Where N (X ═ X) denotes the number of variables X that take on value X in the trusted solution, and N (d) denotes the total number of trusted solutions; the probabilistic model is updated by equation (20):

P_t(X＝x)＝(1-λ)×P_t-1(X＝x)+λ×P_t ^*(X＝x) (20)

wherein P is_t(X ═ X) and P_t-1(X ═ X) respectively represents the probability that the time variable X of the t-th generation takes the X value and the probability that the time variable X of the t-1 th generation takes the X value in the iterative computation process, wherein lambda is the learning rate from the current generation, and if lambda is 1, the probability model is completely learned from the current generation trust solution set archive;

step 6-3, after updating the probability model by formula (20), performing mutation operation of formula (21) by mutation probability:

P_t(X＝x)＝min(P_t(X＝x)+θ,1-) (21)

where θ represents the variance and is a small positive number.
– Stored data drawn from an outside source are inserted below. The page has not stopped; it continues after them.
(* The hazard ratio cannot be huge on a cell that is wider than eps and far
   from the upper tail: the cell would carry mass larger than 1. *)
Lemma cell_hazard_bounded a b : 0 <= a -> a < b -> b <= 1 -> eps < b - a ->
  eps / 2 < 1 - F b -> hazard F f a < eps * ratio N ^ (N * (4 * B + 2)).
Proof.
  intros Ha Hab Hb Hwide Htail. pose proof (eps_range _ _ _ HP) as Heps.
  destruct (Rlt_le_dec (hazard F f a) (eps * ratio N ^ (N * (4 * B + 2)))) as [|Hbig]; auto.
  exfalso.
  assert (Hmass : hazard F f a * (1 - F b) ^ 2 * (b - a) <= F b - F a).
  { apply (cdf_increment_lower F f g g' HF); try lra. intros t Ht.
    apply (density_hazard_bounds F f g g' HF a b t); lra. }
  pose proof (ratio_pow N (4 * B + 2) (N_pos _ _ _ HP)) as Hr.
  replace (2 ^ (4 * B + 2)) with (4 * (2 ^ B) ^ 4) in Hr
    by (rewrite (Nat.mul_comm 4 B), pow_add, pow_mult; simpl; ring).
  assert (H2B : 1 <= (2 ^ B * eps) ^ 4)
    by (replace 1 with (1 ^ 4) by ring; apply pow_incr; pose proof (B_large _ _ _ HP); lra).
  assert (Htail2 : (eps / 2) ^ 2 <= (1 - F b) ^ 2) by (apply pow_incr; lra).
  assert (Hbig' : eps * (4 * (2 ^ B) ^ 4) <= hazard F f a)
    by (pose proof (Rmult_le_compat_l eps _ _ ltac:(lra) Hr); lra).
  set (c := eps * (4 * (2 ^ B) ^ 4) * (eps / 2) ^ 2).
  assert (Hc : 0 < c).
  { unfold c. pose proof (pow_lt (2 ^ B) 4 ltac:(apply pow_lt; lra)).
    pose proof (pow_lt (eps / 2) 2 ltac:(lra)). apply Rmult_lt_0_compat; nra. }
  assert (Hc' : c <= hazard F f a * (1 - F b) ^ 2)
    by (apply Rmult_le_compat; try lra; [pose proof (pow_lt (2 ^ B) 4 ltac:(apply pow_lt; lra)); nra
                                        | apply pow_le; lra]).
  assert (Hprod : c * eps < hazard F f a * (1 - F b) ^ 2 * (b - a)).
  { apply Rlt_le_trans with (c * (b - a)); [apply Rmult_lt_compat_l; lra|].
    apply Rmult_le_compat_r; lra. }
  unfold c in Hprod.
  replace (eps * (4 * (2 ^ B) ^ 4) * (eps / 2) ^ 2 * eps) with ((2 ^ B * eps) ^ 4) in Hprod
    by field.
  pose proof (cdf_range _ _ _ _ HF a). pose proof (cdf_range _ _ _ _ HF b). lra.
Qed.

Lemma cell_accuracy a v b : 0 <= a -> a <= v -> v < b -> b <= 1 -> eps < b - a ->
  F a < 1 - eps -> unseparated (tests eps N B) F f a b ->
  F b - F a <= eps \/ Rabs (chord F a b v - F v) <= 7 * eps.
Proof.
  intros Ha Hav Hvb Hb Hwide Hfar Hu.
  pose proof (eps_range _ _ _ HP) as Heps. pose proof (N_pos _ _ _ HP) as HN.
  pose proof (ratio_bounds N HN) as Hr.
  pose proof (cell_mass a b Hu) as Hmass.
  pose proof (cell_tail a b Hfar Hu) as Htail.
  assert (Htail' : eps / 2 < 1 - F b) by nra.
  assert (Hhaz0 : 0 <= hazard F f b).
  { unfold hazard. apply Rmult_le_pos; [apply (density_nonneg _ _ _ _ HF)|].
    left. apply Rinv_0_lt_compat. apply pow_lt. lra. }
  destruct (geometric_gap eps (ratio N) (hazard F f a) (hazard F f b) (N * (4 * B + 2)))
    as [Hsmall | [Hbig | Hclose]]; [lra | | | |].
  - intros j Hj. apply (hazard_above_unseparated F f eps); auto.
    apply Hu. apply hazard_test_in. exact Hj.
  - (* small hazard ratio: the density is below eps on the cell *)
    left. assert (F b - F a <= eps * (b - a)).
    { apply (cdf_increment_upper F f g g' HF); try lra. intros t Ht.
      pose proof (density_hazard_bounds F f g g' HF a b t Ha ltac:(lra) ltac:(lra) Hb ltac:(lra)).
      pose proof (cdf_range _ _ _ _ HF a).
      assert ((1 - F a) ^ 2 <= 1) by nra.
      assert (hazard F f b * (1 - F a) ^ 2 <= hazard F f b) by nra. lra. }
    nra.
  - pose proof (cell_hazard_bounded a b Ha ltac:(lra) Hb Hwide Htail'). lra.
  - (* both 1 - F and the hazard ratio are within a factor ratio N on the cell *)
    right. assert (Hpa : 0 < hazard F f a) by nra.
    apply Rle_trans with ((ratio N ^ 3 - 1) * (F b - F a)).
    + apply (chord_error_ratio F f g g' HF); lra.
    + apply (relative_error_bound N); [exact HN | exact (N_large _ _ _ HP) |].
      pose proof (cdf_mono _ _ _ _ HF a b ltac:(lra)). lra.
Qed.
7. The method of claim 6, wherein step 7 comprises:

step 7-1, randomly generating a feasible solution s ═ s(s)₁,s₂,…,s_n)，s_nIs the last variable X_nValue of (1), s in the slot allocation problem₁,s₂,…,s_nTime slot selection, s, on behalf of each flight_nAnd (3) representing the time slot selection of the nth flight, wherein the feasible solution s is generated by the following method: arrange all flights according to flight schedule, from the first flight x₁Initially, a time slot s is randomly selected from all the remaining time slots₁Is assigned to x₁Requires s₁Not earlier than x₁And time slot s₁Delete slot s without selection by other flights₁Move to the next flight x₂Randomly selecting by the same method until all flights are selected;

step 7-2, converting the solution s to(s)₁,s₂,…,s_n) The sequence is randomly disordered to obtain a new sequence s₁ ^*,s₂ ^*,…,s_n ^*Wherein s is_n ^*A slot selection indicating the last flight in the new flight sequence;

step 7-3, from s₁ ^*At first, set s₁ ^*Corresponding to the flight h, finding out all neighbors of the flight h variable according to the established Markov network, and solving s-s(s) according to the moment₁,s₂,…,s_n) Value of middle neighbor and corresponding conditional probability p (x)_h|N_h) Determining the probability of selecting each time slot for flight h, and generating s by adopting a roulette selection algorithm according to the probability distribution₁ ^*A new value of (d); then move to s₂ ^*Recalculating s by the same method₂ ^*Until all variables are completed, the sampling of a solution is completed;

and 7-4, repeating the methods from the step 7-1 to the step 7-3 to complete the sampling of N _ POP solutions of a group, and finally forming a solution set of the current generation.